--- Data for analysis ---

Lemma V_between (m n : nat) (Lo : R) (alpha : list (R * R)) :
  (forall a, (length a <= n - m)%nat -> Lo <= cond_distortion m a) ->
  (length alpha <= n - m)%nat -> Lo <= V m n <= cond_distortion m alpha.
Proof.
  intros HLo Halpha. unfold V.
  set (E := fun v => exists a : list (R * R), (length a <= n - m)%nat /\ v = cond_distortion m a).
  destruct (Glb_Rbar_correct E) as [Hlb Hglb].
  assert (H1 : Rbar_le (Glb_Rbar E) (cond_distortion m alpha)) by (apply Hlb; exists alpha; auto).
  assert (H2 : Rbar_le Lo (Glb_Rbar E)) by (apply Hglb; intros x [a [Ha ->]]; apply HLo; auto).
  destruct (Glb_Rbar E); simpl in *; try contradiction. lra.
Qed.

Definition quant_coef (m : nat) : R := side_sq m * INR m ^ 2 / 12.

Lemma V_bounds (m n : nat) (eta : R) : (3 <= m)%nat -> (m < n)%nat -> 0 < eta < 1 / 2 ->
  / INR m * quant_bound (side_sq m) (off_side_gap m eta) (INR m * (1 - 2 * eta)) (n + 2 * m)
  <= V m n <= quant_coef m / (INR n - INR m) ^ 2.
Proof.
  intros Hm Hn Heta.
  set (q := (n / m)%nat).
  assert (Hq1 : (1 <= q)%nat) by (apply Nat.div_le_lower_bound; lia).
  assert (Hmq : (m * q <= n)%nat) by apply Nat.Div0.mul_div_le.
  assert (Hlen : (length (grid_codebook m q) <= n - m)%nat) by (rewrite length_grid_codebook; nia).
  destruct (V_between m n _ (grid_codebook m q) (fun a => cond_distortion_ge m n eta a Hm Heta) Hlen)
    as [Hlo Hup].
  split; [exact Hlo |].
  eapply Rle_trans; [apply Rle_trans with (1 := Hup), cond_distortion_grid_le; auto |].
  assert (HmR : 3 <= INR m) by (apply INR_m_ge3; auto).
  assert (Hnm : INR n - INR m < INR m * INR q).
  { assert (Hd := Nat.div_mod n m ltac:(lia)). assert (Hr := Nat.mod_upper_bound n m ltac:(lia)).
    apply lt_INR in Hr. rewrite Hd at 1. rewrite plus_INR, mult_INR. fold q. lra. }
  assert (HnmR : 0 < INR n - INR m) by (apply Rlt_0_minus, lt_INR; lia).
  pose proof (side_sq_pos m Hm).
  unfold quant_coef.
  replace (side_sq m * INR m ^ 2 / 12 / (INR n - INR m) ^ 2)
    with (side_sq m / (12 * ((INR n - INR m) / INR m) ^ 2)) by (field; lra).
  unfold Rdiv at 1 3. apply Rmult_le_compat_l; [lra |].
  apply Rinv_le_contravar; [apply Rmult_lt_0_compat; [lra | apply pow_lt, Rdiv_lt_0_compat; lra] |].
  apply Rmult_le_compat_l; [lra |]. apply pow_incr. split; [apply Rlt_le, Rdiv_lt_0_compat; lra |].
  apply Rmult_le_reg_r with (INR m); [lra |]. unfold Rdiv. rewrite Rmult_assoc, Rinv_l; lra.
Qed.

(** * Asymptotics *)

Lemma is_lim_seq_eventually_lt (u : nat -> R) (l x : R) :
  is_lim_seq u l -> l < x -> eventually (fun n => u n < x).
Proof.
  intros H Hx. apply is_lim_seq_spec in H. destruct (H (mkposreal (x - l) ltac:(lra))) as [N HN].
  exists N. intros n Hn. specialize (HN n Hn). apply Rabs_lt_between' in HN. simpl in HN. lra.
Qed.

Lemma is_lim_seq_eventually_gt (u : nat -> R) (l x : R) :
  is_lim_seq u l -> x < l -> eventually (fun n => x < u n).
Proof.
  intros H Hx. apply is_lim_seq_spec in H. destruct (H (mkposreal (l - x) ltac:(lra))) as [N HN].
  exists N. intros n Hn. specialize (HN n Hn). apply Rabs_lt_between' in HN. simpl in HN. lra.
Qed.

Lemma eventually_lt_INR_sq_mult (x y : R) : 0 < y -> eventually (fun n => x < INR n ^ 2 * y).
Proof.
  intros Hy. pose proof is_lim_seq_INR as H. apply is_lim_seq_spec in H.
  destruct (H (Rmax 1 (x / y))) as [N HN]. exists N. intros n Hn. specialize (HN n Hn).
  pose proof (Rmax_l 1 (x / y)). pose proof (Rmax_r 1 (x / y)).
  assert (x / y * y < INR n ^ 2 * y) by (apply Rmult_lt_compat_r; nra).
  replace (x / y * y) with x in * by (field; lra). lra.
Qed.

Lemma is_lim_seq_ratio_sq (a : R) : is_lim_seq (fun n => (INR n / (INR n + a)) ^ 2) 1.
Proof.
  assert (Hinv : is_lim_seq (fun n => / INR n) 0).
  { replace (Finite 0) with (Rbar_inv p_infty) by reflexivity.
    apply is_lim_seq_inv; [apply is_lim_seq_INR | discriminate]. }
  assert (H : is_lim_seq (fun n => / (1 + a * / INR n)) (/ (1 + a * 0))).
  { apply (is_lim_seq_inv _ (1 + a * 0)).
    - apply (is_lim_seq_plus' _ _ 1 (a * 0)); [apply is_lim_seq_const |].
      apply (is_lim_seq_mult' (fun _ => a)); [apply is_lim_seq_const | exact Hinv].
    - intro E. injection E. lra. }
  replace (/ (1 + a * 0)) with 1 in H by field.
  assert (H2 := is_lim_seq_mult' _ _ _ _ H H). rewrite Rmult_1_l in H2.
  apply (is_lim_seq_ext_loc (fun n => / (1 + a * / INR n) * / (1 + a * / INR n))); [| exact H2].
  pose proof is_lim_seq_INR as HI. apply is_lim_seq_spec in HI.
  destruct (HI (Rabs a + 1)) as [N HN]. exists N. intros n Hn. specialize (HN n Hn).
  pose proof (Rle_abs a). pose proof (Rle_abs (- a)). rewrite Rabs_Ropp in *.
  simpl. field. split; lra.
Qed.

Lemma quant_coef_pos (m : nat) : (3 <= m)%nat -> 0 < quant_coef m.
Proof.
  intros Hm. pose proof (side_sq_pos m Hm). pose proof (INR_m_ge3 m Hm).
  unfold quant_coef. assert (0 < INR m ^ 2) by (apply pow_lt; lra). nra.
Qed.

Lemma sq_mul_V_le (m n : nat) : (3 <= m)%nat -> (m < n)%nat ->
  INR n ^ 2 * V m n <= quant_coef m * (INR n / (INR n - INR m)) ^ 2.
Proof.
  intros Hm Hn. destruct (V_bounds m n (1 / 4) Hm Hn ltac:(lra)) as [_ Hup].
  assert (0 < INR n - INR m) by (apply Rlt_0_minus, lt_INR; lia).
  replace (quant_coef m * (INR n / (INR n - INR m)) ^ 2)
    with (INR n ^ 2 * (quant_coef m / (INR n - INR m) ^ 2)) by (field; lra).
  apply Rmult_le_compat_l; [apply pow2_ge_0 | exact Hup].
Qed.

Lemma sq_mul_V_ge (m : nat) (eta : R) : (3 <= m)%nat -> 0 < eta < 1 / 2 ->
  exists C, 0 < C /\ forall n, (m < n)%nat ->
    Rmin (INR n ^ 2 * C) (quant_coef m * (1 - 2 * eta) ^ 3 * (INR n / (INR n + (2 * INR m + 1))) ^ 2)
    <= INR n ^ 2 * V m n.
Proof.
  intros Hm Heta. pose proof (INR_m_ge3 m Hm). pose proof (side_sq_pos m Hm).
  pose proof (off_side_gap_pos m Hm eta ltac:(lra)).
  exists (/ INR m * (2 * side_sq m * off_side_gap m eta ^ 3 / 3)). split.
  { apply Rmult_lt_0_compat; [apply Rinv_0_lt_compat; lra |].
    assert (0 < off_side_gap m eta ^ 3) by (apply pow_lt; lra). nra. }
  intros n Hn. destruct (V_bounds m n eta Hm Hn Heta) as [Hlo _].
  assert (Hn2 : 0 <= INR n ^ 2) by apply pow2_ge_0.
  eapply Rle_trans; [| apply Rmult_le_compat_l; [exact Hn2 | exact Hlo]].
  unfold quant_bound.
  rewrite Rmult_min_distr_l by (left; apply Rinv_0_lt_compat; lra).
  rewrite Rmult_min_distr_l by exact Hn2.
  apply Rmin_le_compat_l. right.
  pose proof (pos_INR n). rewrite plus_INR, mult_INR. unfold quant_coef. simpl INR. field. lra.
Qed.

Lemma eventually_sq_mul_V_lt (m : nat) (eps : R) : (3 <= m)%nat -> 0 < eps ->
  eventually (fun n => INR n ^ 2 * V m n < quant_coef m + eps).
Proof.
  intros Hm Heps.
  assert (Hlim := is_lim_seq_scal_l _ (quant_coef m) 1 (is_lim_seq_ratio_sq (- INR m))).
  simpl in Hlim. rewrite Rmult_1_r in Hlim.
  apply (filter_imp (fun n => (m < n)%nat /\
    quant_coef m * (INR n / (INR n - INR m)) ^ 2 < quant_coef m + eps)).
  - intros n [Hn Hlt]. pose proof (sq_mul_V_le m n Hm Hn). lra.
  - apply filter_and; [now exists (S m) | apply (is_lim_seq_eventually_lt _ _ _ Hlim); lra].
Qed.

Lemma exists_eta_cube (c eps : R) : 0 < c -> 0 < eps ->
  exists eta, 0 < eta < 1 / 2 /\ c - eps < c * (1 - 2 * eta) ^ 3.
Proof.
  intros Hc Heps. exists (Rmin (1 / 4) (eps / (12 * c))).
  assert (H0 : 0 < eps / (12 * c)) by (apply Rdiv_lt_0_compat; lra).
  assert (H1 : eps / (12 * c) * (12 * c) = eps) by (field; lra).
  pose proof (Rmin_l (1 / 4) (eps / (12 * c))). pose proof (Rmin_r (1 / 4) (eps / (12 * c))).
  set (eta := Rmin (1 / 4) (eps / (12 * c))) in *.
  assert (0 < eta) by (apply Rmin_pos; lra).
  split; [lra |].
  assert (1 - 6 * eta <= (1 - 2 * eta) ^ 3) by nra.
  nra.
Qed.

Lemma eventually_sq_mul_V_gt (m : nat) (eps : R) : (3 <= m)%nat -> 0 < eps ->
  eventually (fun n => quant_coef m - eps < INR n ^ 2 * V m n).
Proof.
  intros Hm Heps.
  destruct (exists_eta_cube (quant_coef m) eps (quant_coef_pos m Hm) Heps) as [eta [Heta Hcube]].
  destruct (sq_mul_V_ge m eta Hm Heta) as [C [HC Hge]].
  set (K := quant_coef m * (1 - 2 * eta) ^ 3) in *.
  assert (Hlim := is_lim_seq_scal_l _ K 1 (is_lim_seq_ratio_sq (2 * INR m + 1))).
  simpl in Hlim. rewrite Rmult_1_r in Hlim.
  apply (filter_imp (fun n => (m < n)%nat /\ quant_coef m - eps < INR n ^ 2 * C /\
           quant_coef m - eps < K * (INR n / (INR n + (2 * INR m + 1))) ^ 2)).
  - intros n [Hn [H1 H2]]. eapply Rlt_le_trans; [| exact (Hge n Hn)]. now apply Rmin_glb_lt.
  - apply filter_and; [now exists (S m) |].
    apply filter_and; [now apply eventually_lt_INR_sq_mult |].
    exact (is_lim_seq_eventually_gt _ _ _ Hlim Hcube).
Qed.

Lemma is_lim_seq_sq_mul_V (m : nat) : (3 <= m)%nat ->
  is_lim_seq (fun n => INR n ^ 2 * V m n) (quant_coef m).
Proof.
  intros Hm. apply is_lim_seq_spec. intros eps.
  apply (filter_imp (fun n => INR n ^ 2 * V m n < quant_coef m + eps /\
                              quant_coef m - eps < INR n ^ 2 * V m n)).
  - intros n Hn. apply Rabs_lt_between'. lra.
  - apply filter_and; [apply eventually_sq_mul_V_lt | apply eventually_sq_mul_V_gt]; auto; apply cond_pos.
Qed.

---
--- Data for analysis ---

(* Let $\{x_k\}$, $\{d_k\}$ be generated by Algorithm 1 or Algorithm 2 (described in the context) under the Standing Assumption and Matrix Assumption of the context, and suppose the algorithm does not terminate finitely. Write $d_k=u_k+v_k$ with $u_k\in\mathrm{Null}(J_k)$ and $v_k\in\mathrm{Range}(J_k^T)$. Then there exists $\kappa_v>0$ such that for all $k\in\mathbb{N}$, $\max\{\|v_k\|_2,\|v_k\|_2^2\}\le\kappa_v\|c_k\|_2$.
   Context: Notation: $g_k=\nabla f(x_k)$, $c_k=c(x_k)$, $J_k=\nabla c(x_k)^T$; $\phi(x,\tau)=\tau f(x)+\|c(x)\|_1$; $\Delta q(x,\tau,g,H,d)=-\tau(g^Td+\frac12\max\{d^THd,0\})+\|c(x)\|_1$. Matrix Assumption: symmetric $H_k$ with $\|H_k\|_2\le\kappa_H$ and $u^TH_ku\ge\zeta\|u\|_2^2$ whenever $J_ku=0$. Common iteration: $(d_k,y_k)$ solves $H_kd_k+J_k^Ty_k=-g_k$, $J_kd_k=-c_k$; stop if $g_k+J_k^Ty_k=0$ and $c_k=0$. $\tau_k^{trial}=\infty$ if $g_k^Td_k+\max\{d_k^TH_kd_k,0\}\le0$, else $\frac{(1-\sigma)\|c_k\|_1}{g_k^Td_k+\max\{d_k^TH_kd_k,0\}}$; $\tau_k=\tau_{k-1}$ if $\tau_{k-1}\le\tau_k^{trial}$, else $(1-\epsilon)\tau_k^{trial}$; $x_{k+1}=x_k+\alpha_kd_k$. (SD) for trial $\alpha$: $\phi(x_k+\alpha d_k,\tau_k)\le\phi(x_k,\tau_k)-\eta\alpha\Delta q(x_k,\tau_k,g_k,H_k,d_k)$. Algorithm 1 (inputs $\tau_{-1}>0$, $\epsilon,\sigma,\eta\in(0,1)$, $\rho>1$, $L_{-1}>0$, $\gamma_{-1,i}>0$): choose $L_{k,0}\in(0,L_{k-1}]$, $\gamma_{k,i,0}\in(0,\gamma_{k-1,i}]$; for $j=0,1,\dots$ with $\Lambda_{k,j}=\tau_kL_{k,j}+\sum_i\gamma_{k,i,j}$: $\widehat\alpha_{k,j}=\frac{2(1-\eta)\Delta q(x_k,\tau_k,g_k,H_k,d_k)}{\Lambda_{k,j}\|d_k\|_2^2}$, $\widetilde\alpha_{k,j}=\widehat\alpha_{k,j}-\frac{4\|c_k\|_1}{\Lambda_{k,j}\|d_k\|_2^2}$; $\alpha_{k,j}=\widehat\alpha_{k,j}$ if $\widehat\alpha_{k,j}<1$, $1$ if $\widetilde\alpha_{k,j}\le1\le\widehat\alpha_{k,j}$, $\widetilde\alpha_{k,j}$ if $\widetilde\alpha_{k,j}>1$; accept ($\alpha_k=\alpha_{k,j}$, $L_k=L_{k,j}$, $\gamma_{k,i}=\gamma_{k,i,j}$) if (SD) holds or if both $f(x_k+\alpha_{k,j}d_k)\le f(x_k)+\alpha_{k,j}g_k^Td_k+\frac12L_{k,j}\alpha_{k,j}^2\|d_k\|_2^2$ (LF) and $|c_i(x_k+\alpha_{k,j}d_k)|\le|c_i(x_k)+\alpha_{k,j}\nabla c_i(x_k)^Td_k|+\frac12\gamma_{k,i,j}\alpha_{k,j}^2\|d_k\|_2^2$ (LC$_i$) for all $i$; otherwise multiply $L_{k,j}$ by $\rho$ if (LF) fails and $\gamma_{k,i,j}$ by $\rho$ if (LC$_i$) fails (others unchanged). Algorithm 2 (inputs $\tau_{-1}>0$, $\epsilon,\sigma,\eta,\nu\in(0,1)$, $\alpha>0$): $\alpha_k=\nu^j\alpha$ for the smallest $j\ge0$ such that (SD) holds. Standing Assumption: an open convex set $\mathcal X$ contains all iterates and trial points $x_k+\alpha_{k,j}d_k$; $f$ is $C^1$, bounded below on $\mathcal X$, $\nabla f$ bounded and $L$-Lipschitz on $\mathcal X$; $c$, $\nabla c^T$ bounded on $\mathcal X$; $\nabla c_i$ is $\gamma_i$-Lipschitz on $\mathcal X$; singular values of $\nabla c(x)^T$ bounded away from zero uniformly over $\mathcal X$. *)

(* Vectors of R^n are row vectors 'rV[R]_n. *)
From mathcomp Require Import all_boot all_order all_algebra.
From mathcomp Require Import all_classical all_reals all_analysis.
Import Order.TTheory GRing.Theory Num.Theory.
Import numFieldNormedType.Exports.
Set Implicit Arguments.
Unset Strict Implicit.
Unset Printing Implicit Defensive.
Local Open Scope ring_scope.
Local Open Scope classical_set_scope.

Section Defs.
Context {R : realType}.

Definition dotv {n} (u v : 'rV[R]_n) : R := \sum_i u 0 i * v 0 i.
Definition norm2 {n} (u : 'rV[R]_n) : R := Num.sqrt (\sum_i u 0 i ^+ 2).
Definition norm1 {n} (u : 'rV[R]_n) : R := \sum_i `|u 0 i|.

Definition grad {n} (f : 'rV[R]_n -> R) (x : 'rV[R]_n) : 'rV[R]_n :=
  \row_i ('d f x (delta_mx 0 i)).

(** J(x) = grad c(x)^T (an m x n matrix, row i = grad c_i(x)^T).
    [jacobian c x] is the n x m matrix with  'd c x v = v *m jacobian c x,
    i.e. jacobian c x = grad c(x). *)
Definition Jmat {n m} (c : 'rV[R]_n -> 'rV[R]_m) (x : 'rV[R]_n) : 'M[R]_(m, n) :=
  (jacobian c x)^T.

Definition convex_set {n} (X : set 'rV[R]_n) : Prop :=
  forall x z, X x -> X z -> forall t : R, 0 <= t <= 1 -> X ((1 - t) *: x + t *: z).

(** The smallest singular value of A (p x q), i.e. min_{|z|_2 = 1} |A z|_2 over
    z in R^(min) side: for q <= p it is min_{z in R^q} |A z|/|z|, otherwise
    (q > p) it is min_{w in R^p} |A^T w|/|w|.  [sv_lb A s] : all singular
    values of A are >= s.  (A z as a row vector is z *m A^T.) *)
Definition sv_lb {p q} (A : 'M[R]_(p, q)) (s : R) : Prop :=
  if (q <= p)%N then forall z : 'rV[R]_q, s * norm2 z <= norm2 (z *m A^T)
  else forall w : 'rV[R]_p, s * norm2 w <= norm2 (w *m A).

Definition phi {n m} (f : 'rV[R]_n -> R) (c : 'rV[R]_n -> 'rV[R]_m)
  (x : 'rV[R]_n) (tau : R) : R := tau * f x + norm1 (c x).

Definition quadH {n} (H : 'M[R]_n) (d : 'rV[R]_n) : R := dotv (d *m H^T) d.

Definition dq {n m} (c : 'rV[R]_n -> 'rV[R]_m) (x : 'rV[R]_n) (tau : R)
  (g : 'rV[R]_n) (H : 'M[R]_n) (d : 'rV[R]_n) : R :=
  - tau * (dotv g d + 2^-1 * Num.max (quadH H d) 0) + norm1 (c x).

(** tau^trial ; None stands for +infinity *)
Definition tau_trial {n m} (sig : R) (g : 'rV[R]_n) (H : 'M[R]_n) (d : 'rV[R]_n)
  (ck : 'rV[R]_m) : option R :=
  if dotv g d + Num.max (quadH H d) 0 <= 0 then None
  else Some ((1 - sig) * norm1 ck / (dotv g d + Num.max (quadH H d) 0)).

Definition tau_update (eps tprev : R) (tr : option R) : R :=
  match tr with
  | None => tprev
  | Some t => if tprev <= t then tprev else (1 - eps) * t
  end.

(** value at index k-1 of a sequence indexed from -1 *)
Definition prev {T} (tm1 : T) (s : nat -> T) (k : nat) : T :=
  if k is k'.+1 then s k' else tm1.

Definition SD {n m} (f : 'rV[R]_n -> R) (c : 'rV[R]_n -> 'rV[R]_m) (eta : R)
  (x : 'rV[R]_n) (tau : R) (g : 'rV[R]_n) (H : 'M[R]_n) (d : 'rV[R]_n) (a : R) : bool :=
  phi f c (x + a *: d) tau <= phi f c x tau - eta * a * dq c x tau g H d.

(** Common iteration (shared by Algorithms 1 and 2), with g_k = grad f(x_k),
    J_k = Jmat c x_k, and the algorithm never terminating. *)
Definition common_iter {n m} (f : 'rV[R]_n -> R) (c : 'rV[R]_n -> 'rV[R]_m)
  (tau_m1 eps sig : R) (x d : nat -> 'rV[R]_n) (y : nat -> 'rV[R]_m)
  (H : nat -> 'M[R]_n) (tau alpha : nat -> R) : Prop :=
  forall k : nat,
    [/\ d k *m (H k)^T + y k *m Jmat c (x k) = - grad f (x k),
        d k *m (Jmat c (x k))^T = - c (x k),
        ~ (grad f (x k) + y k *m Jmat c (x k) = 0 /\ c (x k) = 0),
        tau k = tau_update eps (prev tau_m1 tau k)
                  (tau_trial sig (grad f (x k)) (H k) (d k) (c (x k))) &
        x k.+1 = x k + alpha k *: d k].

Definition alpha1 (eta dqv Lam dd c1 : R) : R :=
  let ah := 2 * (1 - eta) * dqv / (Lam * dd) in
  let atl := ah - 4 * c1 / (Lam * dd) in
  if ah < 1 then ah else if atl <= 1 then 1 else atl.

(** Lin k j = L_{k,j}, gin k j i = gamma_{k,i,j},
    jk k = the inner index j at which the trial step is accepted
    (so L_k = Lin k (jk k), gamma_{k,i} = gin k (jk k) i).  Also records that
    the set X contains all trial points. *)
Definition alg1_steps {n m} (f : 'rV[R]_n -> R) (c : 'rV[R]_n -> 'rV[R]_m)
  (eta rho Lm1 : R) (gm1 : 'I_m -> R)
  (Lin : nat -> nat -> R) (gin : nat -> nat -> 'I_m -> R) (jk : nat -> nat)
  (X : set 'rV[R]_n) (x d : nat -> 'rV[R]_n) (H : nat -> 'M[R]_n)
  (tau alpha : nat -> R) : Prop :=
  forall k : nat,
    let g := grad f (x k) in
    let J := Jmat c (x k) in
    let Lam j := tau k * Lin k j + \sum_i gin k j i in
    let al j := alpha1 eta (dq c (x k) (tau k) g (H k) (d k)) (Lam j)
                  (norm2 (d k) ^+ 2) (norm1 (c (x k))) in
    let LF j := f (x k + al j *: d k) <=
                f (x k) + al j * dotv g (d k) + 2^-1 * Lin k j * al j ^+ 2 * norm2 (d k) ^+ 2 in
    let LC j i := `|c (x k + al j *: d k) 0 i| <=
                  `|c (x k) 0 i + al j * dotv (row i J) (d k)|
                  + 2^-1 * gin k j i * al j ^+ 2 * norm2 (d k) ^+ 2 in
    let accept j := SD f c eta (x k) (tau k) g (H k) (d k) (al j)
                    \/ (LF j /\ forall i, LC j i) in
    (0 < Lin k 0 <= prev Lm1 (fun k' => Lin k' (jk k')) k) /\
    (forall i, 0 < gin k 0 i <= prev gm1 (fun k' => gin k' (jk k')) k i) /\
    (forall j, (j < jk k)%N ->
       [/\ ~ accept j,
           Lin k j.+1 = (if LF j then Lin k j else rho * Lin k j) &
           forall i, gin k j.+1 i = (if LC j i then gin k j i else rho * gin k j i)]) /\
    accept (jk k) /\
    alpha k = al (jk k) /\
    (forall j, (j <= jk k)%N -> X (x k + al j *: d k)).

---
--- Data for analysis ---

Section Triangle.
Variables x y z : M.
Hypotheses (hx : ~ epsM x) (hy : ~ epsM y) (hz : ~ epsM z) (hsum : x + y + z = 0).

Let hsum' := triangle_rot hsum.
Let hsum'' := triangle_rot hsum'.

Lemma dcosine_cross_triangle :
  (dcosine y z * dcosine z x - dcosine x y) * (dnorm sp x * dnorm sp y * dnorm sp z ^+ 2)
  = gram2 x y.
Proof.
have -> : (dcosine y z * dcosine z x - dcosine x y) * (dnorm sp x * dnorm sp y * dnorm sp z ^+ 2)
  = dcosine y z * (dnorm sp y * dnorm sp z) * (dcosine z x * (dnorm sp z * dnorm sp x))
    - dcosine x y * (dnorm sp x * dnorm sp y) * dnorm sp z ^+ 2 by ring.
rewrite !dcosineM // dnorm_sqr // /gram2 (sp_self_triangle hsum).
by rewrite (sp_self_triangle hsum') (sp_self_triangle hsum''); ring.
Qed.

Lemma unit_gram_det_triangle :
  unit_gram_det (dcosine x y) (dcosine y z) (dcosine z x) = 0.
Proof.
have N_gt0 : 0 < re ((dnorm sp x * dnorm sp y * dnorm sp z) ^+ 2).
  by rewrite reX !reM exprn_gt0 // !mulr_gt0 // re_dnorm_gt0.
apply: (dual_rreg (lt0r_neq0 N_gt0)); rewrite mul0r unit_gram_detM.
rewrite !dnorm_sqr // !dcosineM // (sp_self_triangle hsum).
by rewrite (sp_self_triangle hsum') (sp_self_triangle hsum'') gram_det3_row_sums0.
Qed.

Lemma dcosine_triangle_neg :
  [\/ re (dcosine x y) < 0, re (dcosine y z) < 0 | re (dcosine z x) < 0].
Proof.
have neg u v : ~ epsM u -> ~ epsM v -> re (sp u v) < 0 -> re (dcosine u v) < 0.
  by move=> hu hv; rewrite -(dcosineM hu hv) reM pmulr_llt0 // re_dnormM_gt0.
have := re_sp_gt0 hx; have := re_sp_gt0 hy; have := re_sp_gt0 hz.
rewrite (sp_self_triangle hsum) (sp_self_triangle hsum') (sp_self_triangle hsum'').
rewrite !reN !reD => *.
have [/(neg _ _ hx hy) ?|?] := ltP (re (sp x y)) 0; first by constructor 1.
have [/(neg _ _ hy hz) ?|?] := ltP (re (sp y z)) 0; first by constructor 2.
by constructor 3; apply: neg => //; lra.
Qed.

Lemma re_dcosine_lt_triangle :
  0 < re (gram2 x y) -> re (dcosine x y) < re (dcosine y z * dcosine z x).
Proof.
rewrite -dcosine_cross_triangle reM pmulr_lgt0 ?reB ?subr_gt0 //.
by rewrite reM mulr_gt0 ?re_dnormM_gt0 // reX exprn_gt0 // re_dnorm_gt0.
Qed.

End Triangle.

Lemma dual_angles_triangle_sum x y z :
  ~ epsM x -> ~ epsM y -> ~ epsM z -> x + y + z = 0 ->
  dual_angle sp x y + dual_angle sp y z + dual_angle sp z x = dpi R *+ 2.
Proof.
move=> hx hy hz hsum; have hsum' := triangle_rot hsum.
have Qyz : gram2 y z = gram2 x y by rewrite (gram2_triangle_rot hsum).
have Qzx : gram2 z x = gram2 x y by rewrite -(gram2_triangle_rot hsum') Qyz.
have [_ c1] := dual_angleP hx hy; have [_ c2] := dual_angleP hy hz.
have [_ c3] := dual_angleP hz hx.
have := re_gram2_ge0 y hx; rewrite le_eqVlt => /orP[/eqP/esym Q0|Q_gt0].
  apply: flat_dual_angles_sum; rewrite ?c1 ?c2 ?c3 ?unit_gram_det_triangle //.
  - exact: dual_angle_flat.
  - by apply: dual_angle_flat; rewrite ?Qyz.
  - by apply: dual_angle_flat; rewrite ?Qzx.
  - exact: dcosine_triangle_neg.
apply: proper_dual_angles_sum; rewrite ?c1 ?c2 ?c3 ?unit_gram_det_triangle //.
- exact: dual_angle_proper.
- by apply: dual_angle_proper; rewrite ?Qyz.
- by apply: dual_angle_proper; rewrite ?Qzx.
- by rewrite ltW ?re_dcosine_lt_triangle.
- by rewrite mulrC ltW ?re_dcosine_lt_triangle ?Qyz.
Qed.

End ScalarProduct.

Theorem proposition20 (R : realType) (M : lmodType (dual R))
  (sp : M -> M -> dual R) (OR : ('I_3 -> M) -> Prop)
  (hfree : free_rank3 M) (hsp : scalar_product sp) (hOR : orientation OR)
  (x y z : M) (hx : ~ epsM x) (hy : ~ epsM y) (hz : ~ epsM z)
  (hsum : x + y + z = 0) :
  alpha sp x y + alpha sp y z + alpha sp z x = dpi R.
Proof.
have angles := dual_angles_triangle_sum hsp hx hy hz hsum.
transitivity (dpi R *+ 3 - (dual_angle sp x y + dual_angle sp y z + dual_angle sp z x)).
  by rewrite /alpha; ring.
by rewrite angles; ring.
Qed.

---

▶ [Exercise directions]
Print exactly the lines of the listing above starting at the line containing "if (q <= p)%N" and ending at the line containing "(grad f (x k) +", both included.

▶ [Response to the exercise]
  if (q <= p)%N then forall z : 'rV[R]_q, s * norm2 z <= norm2 (z *m A^T)
  else forall w : 'rV[R]_p, s * norm2 w <= norm2 (w *m A).

Definition phi {n m} (f : 'rV[R]_n -> R) (c : 'rV[R]_n -> 'rV[R]_m)
  (x : 'rV[R]_n) (tau : R) : R := tau * f x + norm1 (c x).

Definition quadH {n} (H : 'M[R]_n) (d : 'rV[R]_n) : R := dotv (d *m H^T) d.

Definition dq {n m} (c : 'rV[R]_n -> 'rV[R]_m) (x : 'rV[R]_n) (tau : R)
  (g : 'rV[R]_n) (H : 'M[R]_n) (d : 'rV[R]_n) : R :=
  - tau * (dotv g d + 2^-1 * Num.max (quadH H d) 0) + norm1 (c x).

(** tau^trial ; None stands for +infinity *)
Definition tau_trial {n m} (sig : R) (g : 'rV[R]_n) (H : 'M[R]_n) (d : 'rV[R]_n)
  (ck : 'rV[R]_m) : option R :=
  if dotv g d + Num.max (quadH H d) 0 <= 0 then None
  else Some ((1 - sig) * norm1 ck / (dotv g d + Num.max (quadH H d) 0)).

Definition tau_update (eps tprev : R) (tr : option R) : R :=
  match tr with
  | None => tprev
  | Some t => if tprev <= t then tprev else (1 - eps) * t
  end.

(** value at index k-1 of a sequence indexed from -1 *)
Definition prev {T} (tm1 : T) (s : nat -> T) (k : nat) : T :=
  if k is k'.+1 then s k' else tm1.

Definition SD {n m} (f : 'rV[R]_n -> R) (c : 'rV[R]_n -> 'rV[R]_m) (eta : R)
  (x : 'rV[R]_n) (tau : R) (g : 'rV[R]_n) (H : 'M[R]_n) (d : 'rV[R]_n) (a : R) : bool :=
  phi f c (x + a *: d) tau <= phi f c x tau - eta * a * dq c x tau g H d.

(** Common iteration (shared by Algorithms 1 and 2), with g_k = grad f(x_k),
    J_k = Jmat c x_k, and the algorithm never terminating. *)
Definition common_iter {n m} (f : 'rV[R]_n -> R) (c : 'rV[R]_n -> 'rV[R]_m)
  (tau_m1 eps sig : R) (x d : nat -> 'rV[R]_n) (y : nat -> 'rV[R]_m)
  (H : nat -> 'M[R]_n) (tau alpha : nat -> R) : Prop :=
  forall k : nat,
    [/\ d k *m (H k)^T + y k *m Jmat c (x k) = - grad f (x k),
        d k *m (Jmat c (x k))^T = - c (x k),
        ~ (grad f (x k) + y k *m Jmat c (x k) = 0 /\ c (x k) = 0),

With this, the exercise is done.